Our little twist here again, we take ALL team names that played in the rainy matches, not just those that won

In [54]:
list_of_raining_teams = []
for x in range(len(df1_raining)):
        list_of_raining_teams.append(df1_raining.HomeTeam[x])
        list_of_raining_teams.append(df1_raining.AwayTeam[x])

In [55]:
list3 = []
for x in df1_final['Team']:
    if x in list_of_raining_teams:
        list3.append(list_of_raining_teams.count(x))
    else:
        list3.append(0)

In [56]:
df1_final['GamesInRain'] = list3
#as before 

In [57]:
df1_final

Unnamed: 0,Team,TotalGoalsScored,TotalWins,TotalLosses,WinsInRain,GamesInRain
0,Aachen,30,6,15,0,0
1,Augsburg,36,8,12,0,0
2,Bayern Munich,77,23,7,2,3
3,Bochum,41,10,17,0,1
4,Braunschweig,37,10,9,0,0
5,Cottbus,30,8,15,0,1
6,Dortmund,80,25,3,0,1
7,Dresden,50,12,13,0,1
8,Duisburg,42,10,15,0,2
9,Ein Frankfurt,76,20,6,2,2


## Percentage of Wins in Rain

In [58]:
df1_final['WinPercentageInRain'] = df1_final["WinsInRain"] / df1_final["GamesInRain"] *100

In [59]:
df1_final["WinPercentageInRain"].fillna("No Games in Rain", inplace = True) 

In [60]:
df1_final.drop(columns=['WinsInRain','GamesInRain'],inplace = True)

In [61]:
df1_final.set_index('Team', inplace=True)

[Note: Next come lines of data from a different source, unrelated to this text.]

Lemma filterlim_Cminus {T} (F : (T -> Prop) -> Prop) {FF : Filter F} (f g : T -> C) a b :
  filterlim f F (locally a) -> filterlim g F (locally b) ->
  filterlim (fun t => Cminus (f t) (g t)) F (locally (Cminus a b)).
Proof.
  intros Hf Hg.
  apply (filterlim_ext (fun t => @plus C_NormedModule (f t) (Cmult (-1) (g t)))).
  { intros t. change (@eq C (Cplus (f t) (Cmult (-1) (g t))) (Cminus (f t) (g t))). ring. }
  replace (Cminus a b) with (@plus C_NormedModule a (Cmult (-1) b))
    by (change (@eq C (Cplus a (Cmult (-1) b)) (Cminus a b)); ring).
  apply (filterlim_comp_2 (G := locally a) (H := locally (Cmult (-1) b)) f
    (fun t => Cmult (-1) (g t)) (fun u v : C_NormedModule => @plus C_NormedModule u v)).
  - exact Hf.
  - now apply filterlim_Cmult_l.
  - apply (@filterlim_plus C_AbsRing C_NormedModule).
Qed.

Lemma filterlim_within_sub {T : UniformSpace} {U} (f : T -> U) (D D' : T -> Prop) x l :
  (forall y, D y -> D' y) ->
  filterlim f (within D' (locally x)) l -> filterlim f (within D (locally x)) l.
Proof.
  intros HD Hf P HP. specialize (Hf P HP). unfold filtermap, within in *.
  eapply filter_imp; [|exact Hf]. intros y H Dy. exact (H (HD y Dy)).
Qed.

Lemma filterlim_locally_within {T : UniformSpace} {U} (f : T -> U) (D : T -> Prop) x l :
  filterlim f (locally x) l -> filterlim f (within D (locally x)) l.
Proof.
  intros Hf P HP. specialize (Hf P HP). unfold filtermap, within in *.
  eapply filter_imp; [|exact Hf]. auto.
Qed.

Lemma filterlim_comp_affine_within (f : R -> C) (al be x0 : R) (D D' : R -> Prop) :
  0 < al -> (forall x, D x -> D' (al * x + be)) ->
  filterlim f (within D' (locally (al * x0 + be))) (locally (f (al * x0 + be))) ->
  filterlim (fun x => f (al * x + be)) (within D (locally x0)) (locally (f (al * x0 + be))).
Proof.
  intros Hal HD Hf. eapply filterlim_comp; [|exact Hf].
  intros P [eps HP]. assert (He : 0 < eps / al) by (apply Rdiv_lt_0_compat; [apply cond_pos|auto]).
  exists (mkposreal _ He). intros y Hy Dy. apply HP; [|auto].
  change (Rabs (al * y + be - (al * x0 + be)) < eps). change (Rabs (y - x0) < eps / al) in Hy.
  replace (al * y + be - (al * x0 + be)) with (al * (y - x0)) by ring.
  rewrite Rabs_mult, Rabs_right by lra.
  apply (Rmult_lt_compat_l al) in Hy; [|auto]. field_simplify in Hy; lra.
Qed.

# Making the Visulisation  

This function winplot has been written into our libraries file, which we have imported

In [65]:
lib.winplot('Aachen',df1_final)

NameError: name 'df1_final' is not defined

The visulizations for all the teams are easily looked at using this function!

# Exporting Data to a MongoDB file 

Now, we are going to create a MongoDB and upload our newly found data into it.

In [72]:
mongo = lib.MongoHandler() ##initialising an instant using our MongoHandler class we wrote

NameError: name 'pymongo' is not defined

In [73]:
mongo.upload(df1_final, myCollection) ##uploading the dataframe into Mongo!

NameError: name 'mongo' is not defined

In [74]:
[i for i in mycollection.find()] ##having a look to check that it is there!

NameError: name 'mycollection' is not defined

# Conclusion 

We've queried an SQL database, calculated some statistics on the data, created visulations, and stored the data in a Mongo DB for practice with alternative data storing methods! We even cleaned up a bit of the code by refractoring it into our own library that we wrote and imported. Job well done.